Abstract
In order to create an evidence-based orthognathic surgery planning protocol, an investigation of two popular model surgery techniques, the Lockwood keyspacer and the Eastman anatomically-orientated system was carried. This determined (a) the accuracy of positioning of the maxillary cast according to the prescribed treatment plan and (b) the relocation of the maxilla after a simulated Le Fort I down fracture osteotomy using the intermediate wafer as a guide. Fifteen patients—five Class II division 1, five Class II division 2, and five Class III—were included in the study. All the measurements were taken with Erickson's vertically mounted electronic calliper and variations from the treatment plan were analysed.

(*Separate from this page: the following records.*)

Lemma sum_dminus (R : pzSemiRingType) : \sum_(z <- S2) ((dminus z)%:R : R) = (D * D.-1)%:R.
Proof.
under eq_bigr => z _ do rewrite /dminus -sumr_const_seq.
rewrite -(sum_N2_exchange (fun _ _ => 1)) (eq_big_seq (fun _ => (D.-1)%:R)); last first.
  by move=> y hy; rewrite sumr_const_seq count_predT size_N_rem.
by rewrite sumr_const_seq count_predT Hreg mulnC mulrnA.
Qed.

Lemma sum_adj_S2 (R : pzSemiRingType) c :
  c \in N x -> \sum_(z <- S2) ((z \in N c)%:R : R) = (D.-1)%:R.
Proof.
move=> hc; have := sum_N2_exchange (fun y _ => ((y == c)%:R : R)).
rewrite (eq_big_seq (fun y => ((y == c)%:R : R) *+ D.-1)); last first.
  by move=> y hy; rewrite sumr_const_seq count_predT size_N_rem.
rewrite sumrMnl sum_indicator // => ->; apply: eq_bigr => z _.
by rewrite sumr_natr_count count_and_pred1.
Qed.

Lemma sphere1_N1 y : sphere N x 1 y -> y \in N x.
Proof. by case=> /walk1P. Qed.

Lemma sphere2P z : sphere N x 2 z <-> z \in S2.
Proof.
split=> [[/walk2P [w h1 h2] hn]|hz].
  apply/S2P; split; last by exists w.
  by apply: contra_notN (hn 0%N isT) => /eqP <-; exists [::].
have zN := S2_notin_N1 hz; case/S2P: hz => zx [w h1 h2].
split=> [|[|[|m]] // _]; first by apply/walk2P; exists w.
  by move/walk0_eq => e; move: zx; rewrite e eqxx.
by move/walk1P => h; move: zN; rewrite h.
Qed.

Lemma dist_lt_S2 z y : z \in S2 -> y \in N z ->
  dist_lt N y x z x <-> y \in N x.
Proof.
move=> hz hy; have zN := S2_notin_N1 hz; case/S2P: (hz) => zx [w hw hzw].
have dz : dist_le N z x 2.
  by exists 2%N; split=> //; apply/walk2P; exists w; rewrite -Hsym.
split=> [[k [[m [hm wm]] hnd]]|hyx].
  have hk : (k <= 1)%N.
    rewrite leqNgt; apply/negP => hk; apply: hnd.
    by case: dz => m' [hm' wm']; exists m'; split=> //; lia.
  case: m hm wm => [|[|m]] hm wm; last by lia.
    by move/walk0_eq: wm hy => ->; rewrite Hsym (negbTE zN).
  by move/walk1P: wm; rewrite Hsym.
exists 1%N; split; first by exists 1%N; split=> //; apply/walk1P; rewrite -Hsym.
case=> [[|[|m]] [hm wm]] //.
  by move/walk0_eq: wm zx => ->; rewrite eqxx.
by move/walk1P: wm zN; rewrite -Hsym => ->.
Qed.

Lemma dminus_isE z m : z \in S2 -> dminus_is N x z m -> dminus z = m.
Proof.
move=> hz [s [us [<- hs]]]; rewrite /dminus -size_filter; apply/perm_size.
apply: uniq_perm; rewrite ?filter_uniq // => y.
rewrite mem_filter; apply/idP/idP.
  case/andP=> hzy hy; have hyz : y \in N z by rewrite -Hsym.
  by apply/(hs y).2; split; last exact/(dist_lt_S2 hz hyz).2.
move=> ys; have [hzy hlt] := (hs y).1 ys.
by rewrite (dist_lt_S2 hz hzy).1 // andbT -Hsym.
Qed.

Section CurvatureInequalities.
Variable R : realFieldType.
Hypothesis HCD : CD_at N (2%:R : R) x.

Lemma CD2_N2 (f : V -> R) :
  (2 * D + 4)%:R * \sum_(y <- N x) (f y - f x) ^+ 2 <=
  \sum_(y <- N x) \sum_(z <- N y) (f z - 2%:R * f y + f x) ^+ 2
  + 2%:R * (\sum_(y <- N x) (f y - f x)) ^+ 2.
Proof.
have hCD := HCD f; have e := Gam2_sum Hreg f x.
rewrite Gam_sum (eq_bigr (fun y => (f y - f x) ^+ 2)) in hCD; last by move=> y _; rewrite expr2.
move: hCD e; rewrite natrD !natrM.
set A2 := \sum_(y <- N x) _ ^+ 2; set P := \sum_(y <- N x) _.
set A1 := \sum_(y <- N x) _ => hCD e.
lra.
Qed.

Lemma CD2_S2 (f : V -> R) : f x = 0 ->
  (2 * D)%:R * \sum_(y <- N x) f y ^+ 2 <=
  \sum_(z <- S2) \sum_(y <- N x | z \in N y) (f z - 2%:R * f y) ^+ 2
  + 2%:R * (\sum_(y <- N x) f y) ^+ 2.
Proof.
move=> fx; have h := CD2_N2 f; rewrite fx in h.
rewrite (eq_bigr (fun y => f y ^+ 2)) in h; last by move=> y _; rewrite subr0.
rewrite [X in 2%:R * X ^+ 2](eq_bigr (fun y => f y)) in h; last by move=> y _; rewrite subr0.
have eP : \sum_(y <- N x) \sum_(z <- N y) (f z - 2%:R * f y + 0) ^+ 2 =
    4%:R * \sum_(y <- N x) f y ^+ 2 +
    \sum_(y <- N x) \sum_(z <- rem x (N y)) (f z - 2%:R * f y) ^+ 2.
  rewrite mulr_sumr -big_split; apply: eq_big_seq => y hy.
  have xy : x \in N y by rewrite -Hsym.
  rewrite (perm_big _ (perm_to_rem xy)) big_cons fx.
  congr (_ + _); first ring.
  by apply: eq_bigr => z _; rewrite addr0.
rewrite eP sum_N2_exchange in h.
move: h; set A2 := \sum_(y <- N x) _ ^+ 2; set S := \sum_(z <- S2) _.
set A1 := \sum_(y <- N x) _; rewrite !natrD ?natrM => h.
lra.
Qed.

Definition sum_down (v : V -> R) z := \sum_(y <- N x | z \in N y) v y.

Lemma CD2_variance (v : V -> R) :
  (2 * D)%:R * \sum_(y <- N x) v y ^+ 2 <=
  \sum_(z <- S2) 4%:R * (sum_down (fun y => v y ^+ 2) z - sum_down v z ^+ 2 / (dminus z)%:R)
  + 2%:R * (\sum_(y <- N x) v y) ^+ 2.
Proof.
(* the value at z minimising sum_(y ~ z) (f z - 2 v y)^2 is twice the mean *)
pose f a := if a == x then 0 else if a \in N x then v a
            else 2%:R * sum_down v a / (dminus a)%:R.
have fy y : y \in N x -> f y = v y by move=> hy; rewrite /f (negbTE (N1_neq hy)) hy.
have fx : f x = 0 by rewrite /f eqxx.
have := CD2_S2 fx.
have -> : \sum_(y <- N x) f y ^+ 2 = \sum_(y <- N x) v y ^+ 2.
  by apply: eq_big_seq => y hy; rewrite fy.
have -> : \sum_(y <- N x) f y = \sum_(y <- N x) v y.
  by apply: eq_big_seq => y hy; rewrite fy.
congr (_ <= _ + _); apply: eq_big_seq => z hz.
have -> : f z = 2%:R * sum_down v z / (dminus z)%:R.
  by rewrite /f (negbTE (S2_notin_N1 hz)); case/S2P: hz => /negbTE ->.
set c := 2%:R * sum_down v z / (dminus z)%:R.
have -> : \sum_(y <- N x | z \in N y) (c - 2%:R * f y) ^+ 2 =
    \sum_(y <- N x | z \in N y) (c ^+ 2 + (- (4%:R * c) * v y + 4%:R * v y ^+ 2)).
  rewrite big_seq_cond [RHS]big_seq_cond; apply: eq_bigr => y /andP [hy _].
  by rewrite fy //; ring.
rewrite !big_split /= sumr_const_seq -!mulr_sumr -/(dminus z).
have kz : (dminus z)%:R != 0 :> R by rewrite pnatr_eq0 -lt0n dminus_gt0.
by rewrite /c /sum_down; field.
Qed.
(* VD and BC: replacing a ballot A that is not an interval of the winning
   axis by its hull H lowers the cost under that axis by exactly as much as it
   can raise the cost under any other axis: by 1 for VD (H is an interval), and
   by #|H :\: A| for BC (H has no gap, and every gap of A under another axis is
   a gap of H or a point of H :\: A).  For MF, MS and FT there are profiles on
   five candidates where the axis 0 < 1 < 2 < 3 < 4 wins before the
   replacement but not after; optimality is checked by enumerating all 120
   axes, each represented by a permutation of the candidates. *)
From mathcomp Require Import all_boot zify.
From Stdlib Require Import FunctionalExtensionality.
Set Implicit Arguments. Unset Strict Implicit. Unset Printing Implicit Defensive.

Lemma sum_set_nth (T : Type) (f : T -> nat) (x0 : T) (P : seq T) i y :
  i < size P ->
  \sum_(A <- set_nth x0 P i y) f A + f (nth x0 P i) = \sum_(A <- P) f A + f y.
Proof.
elim: P i => [|a P IH] [|i] //= ltiP; rewrite !big_cons; first lia.
by rewrite -addnA IH //; lia.
Qed.

Lemma set_nth_map (T U : Type) (f : T -> U) (x0 : T) (y0 : U) s i y :
  i < size s -> set_nth y0 (map f s) i (f y) = map f (set_nth x0 s i y).
Proof. by elim: s i => [|a s IH] [|i] //= /IH ->. Qed.

Section Hull.
Variables (C : finType) (lt : rel C).

Lemma mem_hull (A : {set C}) x : x \in A -> x \in hull lt A.
Proof.
move=> xA; rewrite inE; apply/existsP; exists x; rewrite xA /=.
by apply/existsP; exists x; rewrite xA /axle eqxx !orbT.
Qed.

Hypothesis lt_axis : is_axis lt.
Lemma sumr_mul_conv_tail_le a b C D K M :
  0 <= K -> 2 * K < 1 -> geom_bounded a C K -> geom_bounded b D K ->
  `|(\sum_(i < M) a i) * (\sum_(i < M) b i) - \sum_(N < M) conv a b N|
    <= C * D * (1 - 2 * K)^-1 * (2 * K) ^+ M.
Proof.
move=> K0 K1 aC bD; have C0 := geom_bounded_ge0 aC; have D0 := geom_bounded_ge0 bD.
rewrite sumr_mul_conv big_split_ord /=.
under [X in `|X + _ - _|]eq_bigr do rewrite conv_trunc //.
rewrite addrAC subrr add0r; apply: (le_trans (ler_norm_sum _ _ _)).
apply: (@le_trans _ _ (\sum_(N < M) C * D * (2 * K) ^+ M * (2 * K) ^+ N)).
  apply: ler_sum => N _; rewrite -mulrA -exprD.
  by apply: conv_bound => //; apply: geom_bounded_trunc.
rewrite -mulr_sumr [X in _ <= X]mulrAC.
apply: ler_wpM2l; first by rewrite !mulr_ge0 ?exprn_ge0 ?mulr_ge0.
by apply: geometric_sum_le; rewrite K1 mulr_ge0.
Qed.

Lemma pseries_conv a b C D K s :
  0 <= K -> `|s| * (2 * K) < 1 -> geom_bounded a C K -> geom_bounded b D K ->
  pseries (conv a b) s @ \oo --> limn (pseries a s) * limn (pseries b s).
Proof.
move=> K0 sK aC bD; have C0 := geom_bounded_ge0 aC; have D0 := geom_bounded_ge0 bD.
set th := `|s| * (2 * K) in sK.
have th0 : 0 <= th by rewrite mulr_ge0 ?mulr_ge0.
have sK1 : `|s| * K < 1 by apply: le_lt_trans sK; rewrite ler_wpM2l //; lra.
pose err M := C * D * (1 - th)^-1 * th ^+ M.
pose defect M := pseries a s M * pseries b s M - pseries (conv a b) s M.
have thE : th = 2 * (K * `|s|) by rewrite /th; ring.
have defect_le M : `|defect M| <= err M.
  rewrite /defect /err /pseries !seriesEord /=.
  under [X in `|_ - X|]eq_bigr do rewrite -conv_scale.
  rewrite thE; apply: sumr_mul_conv_tail_le; rewrite -?thE ?mulr_ge0 //.
    exact: geom_bounded_scale.
  exact: geom_bounded_scale.
have err0 : err @ \oo --> 0.
  rewrite -(mulr0 (C * D * (1 - th)^-1)); apply: cvgM; first exact: cvg_cst.
  by apply: cvg_expr; rewrite ger0_norm.
have defect0 : defect @ \oo --> 0.
  apply: (@squeeze_cvgr _ _ _ _ (fun M => - err M) err); last exact: err0.
    by near=> M; rewrite -ler_norml.
  by rewrite -oppr0; apply: cvgN.
have -> : pseries (conv a b) s = (fun M => pseries a s M * pseries b s M - defect M).
  by apply: funext => M; rewrite /defect subKr.
rewrite -[X in _ --> X]subr0; apply: cvgB defect0; apply: cvgM.
  exact: pseries_cvg aC K0 sK1.
exact: pseries_cvg bD K0 sK1.
Unshelve. all: by end_near. Qed.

The mean model surgery positioning errors ± SD (mm) were: (i) vertical plane—Lockwood –0•8 ± 1•6 and Eastman 0•00 ± 1•0 (P = 0•0001); (ii) anteroposterior plane—Lockwood 1•2 ± 1•8 and Eastman –0•1 ± 1•4 (P = 0•05); and (iii) transverse plane—Lockwood 0•9 ± 0•9 and Eastman 1•0 ± 0•9 (P = 0•34).
After the simulated osteotomy, the mean errors ± SD were: (i) vertical plane—Lockwood –0•5 ± 1•5 and Eastman 0•3 ± 1•1 (P = 0•001); (ii) in anteroposterior plane—Lockwood 0•8 ± 2•0 and Eastman 0•7 ± 1•0 (P = 0•89); and (iii) transverse plane—Lockwood 0•8 ± 0•6 and Eastman 0•7 ± 0•5 (P = 0•83).
The Eastman technique was relatively better especially in the vertical plane. The variations from the treatment plan were on the whole anatomically small, but in some cases could be clinically significant.